*What the task requires*
When the line containing "have [lt|lt|eq] := ltngtP" is found in the data below, copy it and each line after it through the line containing "move=> s0 /mapP [f _ ->] /mapP", exactly and with no others.

*Exercise inputs*

(* Assume (A1), (A2), (A3) (see context), and suppose $$\lim_{k\to+\infty}\big\|\mathbb P(\xi(\Lambda_{1/2})=0\mid\mathcal T_k)-\mathbb P(\xi(\Lambda_{1/2})=0)\big\|_\infty=0 .$$ Then there is $c>0$ with $\mathbb P(\xi(\Lambda_\ell)=0)\le e^{-c\ell^d}$ for all $\ell\ge1$. In particular $\mathbb P$ satisfies Condition $C(\alpha)$ for every $\alpha>0$.
   Context: $\Lambda_a=[-a,a]^d$. $\mathcal N$ = locally finite subsets of $\mathbb R^d$, identified with counting measures ($\xi(A)=\#(\xi\cap A)$), $\sigma$-algebra generated by $\xi\mapsto\xi(A)$; $\tau_x\xi:=\xi-x$. $\mathrm{DT}(\xi)$: graph on $\xi$ whose edges are pairs of points with Voronoi cells sharing a $(d-1)$-dimensional face. $\mathcal T_a$ is the $\sigma$-algebra on $\mathcal N$ of events determined by $\xi\cap\Lambda_a^c$; $\|\cdot\|_\infty$ is the $L^\infty(\mathbb P)$ norm. Setting: $(\Omega,\mathcal F,\mathcal P)$ with measurable $\mathbb R^d$-action $(\theta_x)$; simple point process $\omega\mapsto\hat\omega$ with law $\mathbb P$; measurable symmetric conductances $c_{x,y}(\omega)\ge0$ vanishing off edges of $\mathrm{DT}(\hat\omega)$. (A1) $\mathcal P$ $\theta$-invariant, $\mathcal P(\hat\omega=\emptyset)=0$; (A2) $m:=\mathbb E[\xi([0,1]^d)]\in(0,\infty)$; (A3) on a $\theta$-invariant measurable full-measure set, $\widehat{\theta_x\omega}=\tau_x\hat\omega$ and $c_{y-x,z-x}(\theta_x\omega)=c_{y,z}(\omega)$ for all $x$ and edges $\{y,z\}$. Condition $C(\alpha)$: $\exists\kappa>0$ with $\mathbb P(\xi(\Lambda_\ell)=0)\le\kappa\ell^{-\alpha}$ for all $\ell\ge1$. *)

From HB Require Import structures.
From mathcomp Require Import all_boot all_order all_algebra.
From mathcomp Require Import all_classical all_reals all_analysis.
From mathcomp Require Import measurable_realfun ess_sup_inf.
Set Implicit Arguments. Unset Strict Implicit. Unset Printing Implicit Defensive.
Import Order.TTheory GRing.Theory Num.Theory.
Import numFieldNormedType.Exports.
Local Open Scope classical_set_scope.
Local Open Scope ring_scope.

Section Defs.
Context {R : realType} {d : nat}.

Definition box (a : R) : set 'rV[R]_d :=
  [set x | forall i, - a <= x ord0 i <= a].

Definition unit_cube : set 'rV[R]_d := [set x | forall i, 0 <= x ord0 i <= 1].

Definition borelRd : set (set 'rV[R]_d) := <<s [set U | open U] >>.

Definition npts (xi A : set 'rV[R]_d) : \bar R := (\esum_(x in xi `&` A) 1)%E.

Definition translate (xi : set 'rV[R]_d) (x : 'rV[R]_d) : set 'rV[R]_d :=
  [set y - x | y in xi].

Context {dO : measure_display} {Omega : measurableType dO}.

Definition simple_point_process (hat : Omega -> set 'rV[R]_d) : Prop :=
  (forall w a, finite_set (hat w `&` box a)) /\
  (forall A, borelRd A -> measurable_fun [set: Omega] ((fun w => npts (hat w) A) : Omega -> \bar R)).

Definition measurable_action (theta : 'rV[R]_d -> Omega -> Omega) : Prop :=
  (forall w, theta 0 w = w) /\
  (forall x y w, theta (x + y) w = theta x (theta y w)) /\
  (forall x, measurable_fun setT (theta x)) /\
  (forall B : set Omega, measurable B ->
     <<s [set S | exists A C, borelRd A /\ measurable C /\ S = A `*` C] >>
       [set p | B (theta p.1 p.2)]).

Definition A1 (P : probability Omega R) (theta : 'rV[R]_d -> Omega -> Omega)
  (hat : Omega -> set 'rV[R]_d) : Prop :=
  (forall x B, measurable B -> P (theta x @^-1` B) = P B) /\
  P [set w | hat w = set0] = 0%E.

Definition A2 (P : probability Omega R) (hat : Omega -> set 'rV[R]_d) : Prop :=
  (0 < \int[P]_w npts (hat w) unit_cube < +oo)%E.

Definition A3 (P : probability Omega R) (theta : 'rV[R]_d -> Omega -> Omega)
  (hat : Omega -> set 'rV[R]_d) : Prop :=
  exists Omega0 : set Omega, measurable Omega0 /\ P Omega0 = 1%E /\
    (forall x w, Omega0 (theta x w) <-> Omega0 w) /\
    (forall x w, Omega0 w -> hat (theta x w) = translate (hat w) x).

(* T_a pulled back to Omega: generated by omega |-> xi(A cap Lambda_a^c) *)
Definition tail_sigma (hat : Omega -> set 'rV[R]_d) (a : R) : set (set Omega) :=
  <<s [set S | exists A (E : set (\bar R)), borelRd A /\ measurable E /\
        S = (fun w => npts (hat w) (A `&` ~` box a)) @^-1` E] >>.

Definition cond_prob_version (P : probability Omega R) (G : set (set Omega))
  (V : set Omega) (g : Omega -> R) : Prop :=
  (forall Y : set R, measurable Y -> G (g @^-1` Y)) /\
  P.-integrable setT (EFin \o g) /\
  (forall B, G B -> (\int[P]_(w in B) (g w)%:E = P (V `&` B))%E).

Definition void_event (hat : Omega -> set 'rV[R]_d) (l : R) : set Omega :=
  [set w | npts (hat w) (box l) = 0%E].

Definition condC (P : probability Omega R) (hat : Omega -> set 'rV[R]_d)
  (alpha : R) : Prop :=
  exists kappa : R, 0 < kappa /\
    forall l : R, 1 <= l -> (P (void_event hat l) <= (kappa * l `^ (- alpha))%:E)%E.

End Defs.

From HB Require Import structures.
From mathcomp Require Import all_boot all_order all_algebra.
From mathcomp Require Import all_classical all_reals all_analysis.
From mathcomp Require Import measurable_realfun ess_sup_inf.
From mathcomp Require Import ring lra.
Import Order.TTheory GRing.Theory Num.Theory.
Import numFieldNormedType.Exports.
Set Implicit Arguments. Unset Strict Implicit. Unset Printing Implicit Defensive.
Local Open Scope classical_set_scope.
Local Open Scope ring_scope.

(* Write [p] for the probability that the sup-norm ball of radius 1/2 around the origin
   (i.e. Λ_{1/2}) is empty.  Translation invariance and P(ξ = ∅) = 0 force p < 1: otherwise
   a.s. every such ball, hence every box, would be empty.  By the mixing hypothesis there is
   a [k] such that, conditionally on the configuration outside Λ_k, the ball at the origin
   is empty with probability at most q := (1 + p) / 2 < 1.  Given points pairwise farther
   apart than k + 1/2, translate one of them to the origin: the emptiness of the other balls
   is then T_k-measurable, so emptiness of all balls costs a factor q per point.  A grid of
   spacing k + 1 puts about (ℓ / 2(k + 1))^d such points in Λ_ℓ, whence P(ξ(Λ_ℓ) = 0) decays
   like q^(c ℓ^d); C(α) follows since exponentials beat powers. *)

Lemma g_sigma_setT (T : Type) (G : set (set T)) : <<s G>> setT.
Proof.
by have [] := (sigma_algebraP (fun X _ => @subsetT _ X)).1 (smallest_sigma_algebra setT G).
Qed.

Lemma g_sigma_setI (T : Type) (G : set (set T)) : setI_closed <<s G>>.
Proof.
by have [] := (sigma_algebraP (fun X _ => @subsetT _ X)).1 (smallest_sigma_algebra setT G).
Qed.

Section SupNorm.
Context {R : realType} {d : nat}.
Implicit Types (x y : 'rV[R]_d) (a r : R).

Lemma coord_le_mx_norm x i : `|x ord0 i| <= `|x|.
Proof. by rewrite [leRHS]/Num.norm /= mx_normrE; apply/bigmax_geP; right; exists (ord0, i). Qed.

Lemma mx_norm_le_coord x a : 0 <= a -> (forall i, `|x ord0 i| <= a) -> `|x| <= a.
Proof.
move=> a0 xa; rewrite [leLHS]/Num.norm /= mx_normrE; apply/bigmax_leP; split => // -[i j] _ /=.
by rewrite (ord1 i).
Qed.

Lemma boxP a x : 0 <= a -> box a x <-> `|x| <= a.
Proof.
move=> a0; split => [xa | xa i].
  by apply: mx_norm_le_coord => // i; rewrite ler_norml; exact: xa.
by rewrite -ler_norml; exact: le_trans (coord_le_mx_norm _ _) xa.
Qed.

Lemma boxE a : 0 <= a -> box a = closed_ball_ Num.norm (0 : 'rV[R]_d) a.
Proof. by move=> a0; apply/seteqP; split => x; rewrite /closed_ball_ /= sub0r normrN boxP. Qed.

Lemma closed_ball_borel y r : borelRd (closed_ball_ Num.norm y r).
Proof.
have /(@sub_sigma_algebra _ setT) := closed_openC (@closed_closed_ball_ _ _ y r).
by move/sigma_algebraCD; rewrite setTD setCK.
Qed.

Lemma box_borel a : 0 <= a -> borelRd (box (d:=d) a).
Proof. by move=> a0; rewrite boxE //; exact: closed_ball_borel. Qed.

Lemma npts_eq0 (S A : set 'rV[R]_d) : npts S A = 0%E <-> S `&` A = set0.
Proof.
split=> [|SA0]; last by rewrite /npts SA0 esum_set0.
apply: contraPP => /eqP /set0P [x Sx].
rewrite /npts (esumID [set x]) // (_ : _ `&` [set x] = [set x]); last first.
  by apply/seteqP; split => [z [] //|z -> //].
rewrite esum_set1 // => /eqP; rewrite padde_eq0 ?esum_ge0 //.
by case/andP; rewrite eqe oner_eq0.
Qed.

End SupNorm.

Section Grid.
Context {R : realType} {d : nat}.

Definition grid_point (s : R) m (f : {ffun 'I_d -> 'I_m}) : 'rV[R]_d :=
  \row_i (s * (f i)%:R).

Definition grid (s : R) (m : nat) : seq 'rV[R]_d :=
  [seq grid_point s f | f <- enum {ffun 'I_d -> 'I_m}].

Lemma size_grid s m : size (grid s m) = (m ^ d)%N.
Proof. by rewrite size_map -cardE card_ffun !card_ord. Qed.

Lemma grid_point_sep s m (f g : {ffun 'I_d -> 'I_m}) : 0 <= s -> f != g ->
  s <= `|grid_point s f - grid_point s g|.
Proof.
move=> s0 fg; have [i fgi] : exists i, f i != g i.
  apply/existsP; apply: contraNT fg => /existsPn fg.
  by apply/eqP/ffunP => i; apply/eqP/negPn/fg.
apply: le_trans (coord_le_mx_norm _ i); rewrite !mxE -mulrBr normrM ger0_norm //.
rewrite -{1}[s]mulr1 ler_wpM2l //.
have [lt|lt|eq] := ltngtP (f i) (g i); last by rewrite (val_inj eq) eqxx in fgi.
- by rewrite distrC -natrB ?(ltnW lt) // ger0_norm ?ler0n // ler1n subn_gt0.
- by rewrite -natrB ?(ltnW lt) // ger0_norm ?ler0n // ler1n subn_gt0.
Qed.

Lemma grid_sep s m x y : 0 <= s -> x \in grid s m -> y \in grid s m -> x != y ->
  s <= `|x - y|.
Proof.
move=> s0 /mapP [f _ ->] /mapP [g _ ->] fg; apply: grid_point_sep => //.
by apply: contraNneq fg => ->.
Qed.

Lemma uniq_grid s m : 0 < s -> uniq (grid s m).
Proof.
move=> s0; rewrite map_inj_in_uniq ?enum_uniq // => f g _ _ fg.
apply/eqP; apply: contraTT (s0) => /(grid_point_sep (ltW s0)).
by rewrite fg subrr normr0 -leNgt.
Qed.

Lemma grid_norm s m x : 0 <= s -> x \in grid s m -> `|x| <= s * m.-1%:R.
Proof.
move=> s0 /mapP [f _ ->]; apply: mx_norm_le_coord => [|i].
  by rewrite mulr_ge0.
rewrite mxE ger0_norm ?mulr_ge0 // ler_wpM2l // ler_nat -ltnS prednK //.
by apply: leq_ltn_trans (ltn_ord (f i)).
Qed.

Lemma grid_cover (n : nat) y : box n%:R y ->
  exists2 z, z \in grid 1 (n + n).+1 & `|z - const_mx n%:R - y| <= 1/2.
Proof.
move=> yn; pose t i := Num.truncn (y ord0 i + n%:R + 1/2).
have t0 i : 0 <= y ord0 i + n%:R + 1/2 by have /andP[] := yn i; lra.
have tn i : (t i < (n + n).+1)%N.
  rewrite ltnS truncn_le_nat -[(n + n).+1]addn1 !natrD.
  by have /andP[] := yn i; lra.
exists (grid_point 1 [ffun i => inord (t i) : 'I_(n + n).+1]).
  by apply: map_f; rewrite mem_enum.
apply: mx_norm_le_coord => // i; rewrite !mxE ffunE inordK // mul1r ler_norml.
have := truncn_itv (t0 i); rewrite -/(t i) -[(t i).+1]addn1 natrD.
by move=> /andP[t_le t_gt]; apply/andP; split; lra.
Qed.

End Grid.

Section VoidBalls.
Context {R : realType} {d : nat} {dO : measure_display} {Omega : measurableType dO}.
Variable hat : Omega -> set 'rV[R]_d.

Definition void_ball (y : 'rV[R]_d) : set Omega :=
  [set w | hat w `&` closed_ball_ Num.norm y (1/2) = set0].

Definition void_balls (L : seq 'rV[R]_d) : set Omega :=
  \big[setI/setT]_(y <- L) void_ball y.

Lemma void_ballsP L w : void_balls L w <-> forall y, y \in L -> void_ball y w.
Proof. by rewrite /void_balls -bigcap_seq. Qed.

Lemma void_eventE l : void_event hat l = [set w | hat w `&` box l = set0].
Proof. by apply/seteqP; split => w; rewrite /void_event /= npts_eq0. Qed.

Lemma void_event_half : void_event hat (1/2) = void_ball 0.
Proof. by rewrite void_eventE boxE. Qed.

Lemma void_event_sub_grid s m l : 0 <= s -> s * m.-1%:R + 1/2 <= l ->
  void_event hat l `<=` void_balls (grid s m).
Proof.
move=> s0 sml w; rewrite void_eventE /= => /disjoints_subset hw.
apply/void_ballsP => y /(grid_norm s0) ys; apply/disjoints_subset => z /hw zl yz.
apply: zl; move: yz; rewrite /closed_ball_ /= boxP; last by have := mulr_ge0 s0 (ler0n R m.-1); lra.
have : `|z| <= `|y| + `|y - z| by rewrite -{1}(subKr y z) ler_normB.
lra.
Qed.

Lemma grid_void_balls_sub n :
  void_balls [seq z - const_mx n%:R | z <- grid 1 (n + n).+1] `<=` void_event hat n%:R.
Proof.
move=> w /void_ballsP hw; rewrite void_eventE /=.
apply/disjoints_subset => y hy /grid_cover [z zg zy].
have /disjoints_subset /(_ y hy) := hw _ (map_f (fun z => z - const_mx n%:R) zg).
by apply; rewrite /closed_ball_ /=.
Qed.

Lemma hat_eq0_bigcap : [set w | hat w = set0] = \bigcap_(n : nat) void_event hat n%:R.
Proof.
apply/seteqP; split => w /= hw.
  by move=> n _; rewrite void_eventE /= hw set0I.
apply/seteqP; split => [y hy|//]; have := hw (Num.truncn `|y|).+1 I.
rewrite void_eventE => /disjoints_subset /(_ y hy); apply.
by rewrite boxP // ltW // truncnS_gt.
Qed.

Lemma void_event_dim0 l : d = 0%N -> void_event hat l = [set w | hat w = set0].
Proof.
move=> d0; have boxT : box (d:=d) l = setT.
  by apply/seteqP; split => // x _ i; move: (ltn_ord i); rewrite {2}d0.
by rewrite void_eventE boxT; apply/seteqP; split => w; rewrite /= setIT.
Qed.

Lemma tail_void_ball a y : 0 <= a -> a + 1/2 < `|y| -> tail_sigma hat a (void_ball y).
Proof.
move=> a0 ya; apply: sub_sigma_algebra.
exists (closed_ball_ Num.norm y (1/2)), [set 0%E]; split; first exact: closed_ball_borel.
split; first exact: emeasurable_set1.
rewrite setIidl => [|z]; first by apply/seteqP; split => w /=; rewrite npts_eq0.
rewrite /closed_ball_ /= boxP // => yz za.
have : `|y| <= `|z| + `|y - z| by rewrite -{1}(subrK z y) addrC ler_normD.
lra.
Qed.

Lemma tail_void_balls a L : 0 <= a -> (forall y, y \in L -> a + 1/2 < `|y|) ->
  tail_sigma hat a (void_balls L).
Proof.
move=> a0; elim: L => [|y L IH] La; rewrite /void_balls ?big_nil ?big_cons.
  exact: g_sigma_setT.
apply: g_sigma_setI; first by apply: tail_void_ball => //; apply: La; rewrite mem_head.
by apply: IH => z zL; apply: La; rewrite inE zL orbT.
Qed.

*Your response*
have [lt|lt|eq] := ltngtP (f i) (g i); last by rewrite (val_inj eq) eqxx in fgi.
- by rewrite distrC -natrB ?(ltnW lt) // ger0_norm ?ler0n // ler1n subn_gt0.
- by rewrite -natrB ?(ltnW lt) // ger0_norm ?ler0n // ler1n subn_gt0.
Qed.

Lemma grid_sep s m x y : 0 <= s -> x \in grid s m -> y \in grid s m -> x != y ->
  s <= `|x - y|.
Proof.
move=> s0 /mapP [f _ ->] /mapP [g _ ->] fg; apply: grid_point_sep => //.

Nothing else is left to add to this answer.